Would you return the lines between the one holding "move=> beta_ge0 eps_ge0;" and the one holding "have [s1 [A_s1", inclusive, and only those, exactly as they stand in the listing below?

── LISTED RECORDS

Lemma cap_level_product_ge :
  exp (- (2 * d)) ^ 4 * muSet h beta AF * mcap h beta lab (fun y => y = rho lab s1) Bm
  <= cap h beta A B * muSet h beta F.
Proof.
set K := exp (- (2 * d)); set mc := mcap _ _ _ _ _.
have muAF_pos := muAF_gt0; have mutF_pos := mutF_gt0; have mutAF_pos := mutAF_gt0.
have K_gt0 : 0 < K by apply: exp_pos.
have KE m : K * (exp (2 * d) * m) = m.
  by rewrite -Rmult_assoc -exp_plus Rplus_opp_l exp_0 Rmult_1_l.
have Lt_ge0 : 0 <= Lt by case: (escape_01 ht N_gt0 beta_ge0 F B s1).
have mc_ge0 : 0 <= mc by apply: mcap_ge0.
have Kmc : K * mc <= muSet ht beta F * Lt.
  by rewrite -[_ * Lt]KE; apply: Rmult_le_compat_l; [lra | apply: mcap_le_level].
have KmuAF : K * muSet h beta AF <= muSet ht beta AF.
  by rewrite -[muSet ht _ _]KE; apply: Rmult_le_compat_l; [lra | apply: muSet_le].
have KmuF : K * muSet ht beta F <= muSet h beta F.
  by rewrite -[muSet h _ F]KE; apply: Rmult_le_compat_l; [lra | apply: muSet_le].
apply: Rle_trans (_ : K * (muSet ht beta AF * Lt) * (K * muSet ht beta F) <= _); last first.
  apply: Rmult_le_compat => //; [apply: Rmult_le_pos; nra | nra | exact: cap_ge_level].
rewrite (_ : K ^ 4 * muSet h beta AF * mc = (K * muSet h beta AF) * (K * mc) * (K * K));
  last by ring.
apply: Rle_trans (_ : muSet ht beta AF * (muSet ht beta F * Lt) * (K * K) <= _);
  last by right; ring.
apply: Rmult_le_compat_r; first nra.
by apply: Rmult_le_compat => //; nra.
Qed.

Lemma hitprob_ge_level (c : R) : muSet h beta A <= c * muSet h beta AF ->
  / c * exp (- (2 * d)) ^ 4 * (mcap h beta lab (fun y => y = rho lab s1) Bm /
    mum h beta lab (rho lab s1)) <= hitprob h beta A B.
Proof.
move=> heavy; have muA_pos := muA_gt0; have muAF_pos := muAF_gt0; have muF_pos := muF_gt0.
have core := cap_level_product_ge.
set K := exp (- (2 * d)) in core *; set mc := mcap _ _ _ _ _ in core *.
have c_gt0 : 0 < c by nra.
have K4mc_ge0 : 0 <= K ^ 4 * mc.
  by apply: Rmult_le_pos; [apply/pow_le/Rlt_le/exp_pos | apply: mcap_ge0].
rewrite (hitprob_cap N_gt0 beta_ge0 (B := B) A_B muA_gt0).
rewrite /mum -/(muSet h beta F); apply: (Rmult_le_reg_r (muSet h beta A)) => //.
rewrite /Rdiv (Rmult_assoc (cap h beta A B)) Rinv_l ?Rmult_1_r; last lra.
apply: (Rmult_le_reg_r (muSet h beta F)) => //; apply: Rle_trans core.
rewrite (_ : / c * K ^ 4 * (mc * / muSet h beta F) * muSet h beta A * muSet h beta F =
  K ^ 4 * mc * (muSet h beta A / c)); last by field; lra.
rewrite (_ : K ^ 4 * muSet h beta AF * mc = K ^ 4 * mc * muSet h beta AF); last by ring.
apply: Rmult_le_compat_l => //.
by apply: (Rmult_le_reg_r c) => //; rewrite /Rdiv Rmult_assoc Rinv_l; lra.
Qed.

End LevelCapacity.

Lemma exp_ham_gap_bound N beta eps : 0 <= beta -> 0 <= eps ->
  exp (- 4 * beta * eps * (2 * INR N + 1)) <= exp (- (2 * ham_gap N beta eps)) ^ 4.
Proof.
move=> beta_ge0 eps_ge0; rewrite /= /ham_gap Rmult_1_r -!exp_plus; apply: exp_le.
have := pos_INR N; have : 0 <= beta * eps by apply: Rmult_le_pos.
by move=> *; nra.
Qed.

Theorem mainTheorem18 (N n : nat) (h : 'I_N -> R) (hinf beta : R)
    (I : 'I_n -> R -> Prop) (lab : 'I_N -> 'I_n)
    (Bm : ('I_n -> R) -> Prop) (A : config N -> Prop) :
  (forall i, Rabs (h i) <= hinf) ->
  0 <= beta ->
  (1 <= n)%coq_nat -> (n <= N)%coq_nat ->
  (forall l x y z, I l x -> I l y -> x <= z <= y -> I l z) ->
  (forall l x y, I l x -> I l y -> Rabs (x - y) <= 2 * hinf / INR n) ->
  (forall l l' x, I l x -> I l' x -> l = l') ->
  (forall x, (exists l, I l x) <-> -hinf <= x <= hinf) ->
  (forall i, I (lab i) (h i)) ->
  (exists x, Bm x) -> (forall x, Bm x -> Gamma lab x) ->
  (exists s, A s) -> (forall s, A s -> ~ Bm (rho lab s)) ->
  hitprob h beta A (fun s => Bm (rho lab s)) >=
    / INR (card_setR (Gamma lab)) *
    exp (- 4 * beta * (2 * hinf / INR n) * (2 * INR N + 1)) *
    Rinf (fun v => exists x, Gamma lab x /\ ~ Bm x /\
            v = mcap h beta lab (fun y => y = x) Bm / mum h beta lab x).
Proof.
move=> _ beta_ge0 n_ge1 n_le_N _ I_diam _ _ lab_I _ _ A_ne A_B.
have N_gt0 : (0 < N)%N by apply/ltP; lia.
set eps := 2 * hinf / INR n.
have [ht [ht_blocks h_ht]] : exists ht : 'I_N -> R, (forall i j, lab i = lab j -> ht i = ht j) /\
    forall i, Rabs (h i - ht i) <= eps.
  by apply: exists_block_field => i j lij; apply: (I_diam (lab i)); rewrite // lij.
have eps_ge0 : 0 <= eps by apply: Rle_trans (Rabs_pos _) (h_ht (Ordinal N_gt0)).
have [s1 [A_s1 heavy]] := exists_heavy_level h beta lab A_ne.
have [inf_ge0 inf_le] := Rinf_cap_ratio_le h N_gt0 beta_ge0 (ex_intro _ s1 erefl) (A_B s1 A_s1).
have c_gt0 := card_Gamma_gt0 lab.
apply: Rle_ge; apply: Rle_trans (hitprob_ge_level N_gt0 beta_ge0 ht_blocks h_ht A_s1 A_B heavy).
apply: Rmult_le_compat => //.
  by apply: Rmult_le_pos; [apply/Rlt_le/Rinv_0_lt_compat | apply/Rlt_le/exp_pos].
apply: Rmult_le_compat_l; first exact/Rlt_le/Rinv_0_lt_compat.
exact: exp_ham_gap_bound.
Qed.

────

## ANSWER SECTION
move=> beta_ge0 eps_ge0; rewrite /= /ham_gap Rmult_1_r -!exp_plus; apply: exp_le.
have := pos_INR N; have : 0 <= beta * eps by apply: Rmult_le_pos.
by move=> *; nra.
Qed.

Theorem mainTheorem18 (N n : nat) (h : 'I_N -> R) (hinf beta : R)
    (I : 'I_n -> R -> Prop) (lab : 'I_N -> 'I_n)
    (Bm : ('I_n -> R) -> Prop) (A : config N -> Prop) :
  (forall i, Rabs (h i) <= hinf) ->
  0 <= beta ->
  (1 <= n)%coq_nat -> (n <= N)%coq_nat ->
  (forall l x y z, I l x -> I l y -> x <= z <= y -> I l z) ->
  (forall l x y, I l x -> I l y -> Rabs (x - y) <= 2 * hinf / INR n) ->
  (forall l l' x, I l x -> I l' x -> l = l') ->
  (forall x, (exists l, I l x) <-> -hinf <= x <= hinf) ->
  (forall i, I (lab i) (h i)) ->
  (exists x, Bm x) -> (forall x, Bm x -> Gamma lab x) ->
  (exists s, A s) -> (forall s, A s -> ~ Bm (rho lab s)) ->
  hitprob h beta A (fun s => Bm (rho lab s)) >=
    / INR (card_setR (Gamma lab)) *
    exp (- 4 * beta * (2 * hinf / INR n) * (2 * INR N + 1)) *
    Rinf (fun v => exists x, Gamma lab x /\ ~ Bm x /\
            v = mcap h beta lab (fun y => y = x) Bm / mum h beta lab x).
Proof.
move=> _ beta_ge0 n_ge1 n_le_N _ I_diam _ _ lab_I _ _ A_ne A_B.
have N_gt0 : (0 < N)%N by apply/ltP; lia.
set eps := 2 * hinf / INR n.
have [ht [ht_blocks h_ht]] : exists ht : 'I_N -> R, (forall i j, lab i = lab j -> ht i = ht j) /\
    forall i, Rabs (h i - ht i) <= eps.
  by apply: exists_block_field => i j lij; apply: (I_diam (lab i)); rewrite // lij.
have eps_ge0 : 0 <= eps by apply: Rle_trans (Rabs_pos _) (h_ht (Ordinal N_gt0)).
have [s1 [A_s1 heavy]] := exists_heavy_level h beta lab A_ne.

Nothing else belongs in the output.